Section of the British North America Act enumerates the subjects of exclusive provincial legislation. The scope of the amendment would be clear from Section of the Amendment Act which reads as under: The second case in which there arose the question of the power of the Parliament to amend fundamental rights was Sajjan Advocate Simranjeet Singh Sidhu v. The amendment was attacked on the grounds that it was legislative in its character, an invasion of natural rights and an encroachment on the fundamental principles of dual sovereignty, hut the contention was overruled.

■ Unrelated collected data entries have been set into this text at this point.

Lemma psd_diag_mx n (d : 'rV[C]_n) : (forall i, 0 <= d 0 i) -> psd (diag_mx d).
Proof.
move=> d_ge0 v; rewrite mul_mx_diag !mxE; apply: sumr_ge0 => k _; rewrite !mxE.
by rewrite mulrAC mulrC mulr_ge0 // mulrC mulcJ_ge0.
Qed.

Lemma psd_spectral n (A : 'M[C]_n) : psd A ->
  exists (P : 'M[C]_n) (d : 'rV[C]_n),
    A = adjmx P *m diag_mx d *m P /\ forall i, 0 <= d 0 i.
Proof.
move=> psdA; have /orthomx_spectralP defA := psd_normalmx psdA.
set P := spectralmx A in defA *; set d := spectral_diag A in defA *.
have invP : invmx P = adjmx P by rewrite adjmxE invmx_unitary ?spectral_unitarymx.
have PPadj : P *m adjmx P = 1%:M by rewrite -invP mulmxV ?spectral_unit.
exists P, d; split=> [|i]; first by rewrite -invP.
have -> : d 0 i = (P *m A *m adjmx P) i i.
  by rewrite defA invP !mulmxA PPadj mul1mx -mulmxA PPadj mulmx1 mxE eqxx mulr1n.
exact: psd_conjmx_diag_ge0.
Qed.

Lemma mxtrace_mul_psd_ge0 n (X Y : 'M[C]_n) : psd X -> psd Y -> 0 <= \tr (X *m Y).
Proof.
move=> psdX /psd_spectral [P [d [-> d_ge0]]].
rewrite !mulmxA mxtrace_mulC !mulmxA mul_mx_diag /mxtrace.
by apply: sumr_ge0 => i _; rewrite mxE mulr_ge0 // psd_conjmx_diag_ge0.
Qed.

Lemma psd_tensmx m n (A : 'M[C]_m) (B : 'M[C]_n) : psd A -> psd B -> psd (A *t B).
Proof.
move=> /psd_spectral [P [d [-> d_ge0]]] /psd_spectral [Q [e [-> e_ge0]]].
rewrite -!tensmx_mul -adjmx_tens diag_mx_tens; apply/psd_conjmx/psd_diag_mx => k.
by case: (mxtens_indexP k) => i j; rewrite tensmx_rowE mulr_ge0.
Qed.
Lemma zaut_id : psi zid = zid.
Proof.
have ee : zcomp (psi zid) (psi zid) = psi zid.
  by rewrite -(zaut_comp psiA) // zcomp1x.
have [y _ [ye _]] := p6mZ_inv (zaut_in psiA p6mZ_id).
set e := psi zid in ee ye *.
by rewrite -[LHS]zcomp1x -ye zcompA ee.
Qed.

Lemma zaut_rel x y x' y' : in_p6mZ x -> in_p6mZ y -> in_p6mZ x' -> in_p6mZ y' ->
  zcomp x y = zcomp x' y' -> zcomp (psi x) (psi y) = zcomp (psi x') (psi y').
Proof. by move=> ? ? ? ? e; rewrite -!(zaut_comp psiA) // e. Qed.

Lemma zaut_commutes_with_conjugates x : in_p6mZ x ->
  commutes_with_conjugates (psi x) <-> commutes_with_conjugates x.
Proof.
move=> hx; split=> comm y z hy hz.
  move=> yz; apply: (zaut_inj psiA); try p6mZ_closed.
  rewrite !(zaut_comp psiA); try p6mZ_closed.
  by apply: comm; try p6mZ_closed; rewrite -(zaut_comp psiA) // yz zaut_id.
have [y' hy' <-] := zaut_surj psiA hy; have [z' hz' <-] := zaut_surj psiA hz.
move=> yz; rewrite -!(zaut_comp psiA); try p6mZ_closed.
congr psi; apply: comm => //; apply: (zaut_inj psiA); try p6mZ_closed.
by rewrite (zaut_comp psiA) // yz zaut_id.
Qed.

Lemma zaut_translation x : in_p6mZ x -> (psi x).2 = zmat1 <-> x.2 = zmat1.
Proof.
move=> hx; rewrite (p6mZ_translationP hx) (p6mZ_translationP (zaut_in psiA hx)).
exact: zaut_commutes_with_conjugates.
Qed.

Lemma zaut_tr v : psi (ztr v) = ztr (psi (ztr v)).1.
Proof.
have := proj2 (zaut_translation (p6mZ_tr v)) erefl.
by case: (psi (ztr v)) => a A /= ->.
Qed.

Definition zaut_mx : zmat :=
  let p := (psi (ztr (1, 0))).1 in let q := (psi (ztr (0, 1))).1 in
  (p.1, q.1, p.2, q.2).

India’s immediate goal can only be considered in terms of the ending of the exploitation of her people. We may now deal with Article C, introduced as a result of the Twentyfifth Amendment. The method which he preferred was not to take the particular words and attribute to them a sort of prima facie meaning which may have to be displaced or modified. () Notwithstanding anything contained in Article , no law providing for- Law is enacted by passing a bill which is introduced.
The expropriated owner still continues to have a fundamental right. The Judicial Committee, it is also noteworthy, expressly pointed out that there had been no amendment of the Constitution in accordance with Section () of the Constitution by two-thirds majority and as such they had not to deal with that situation.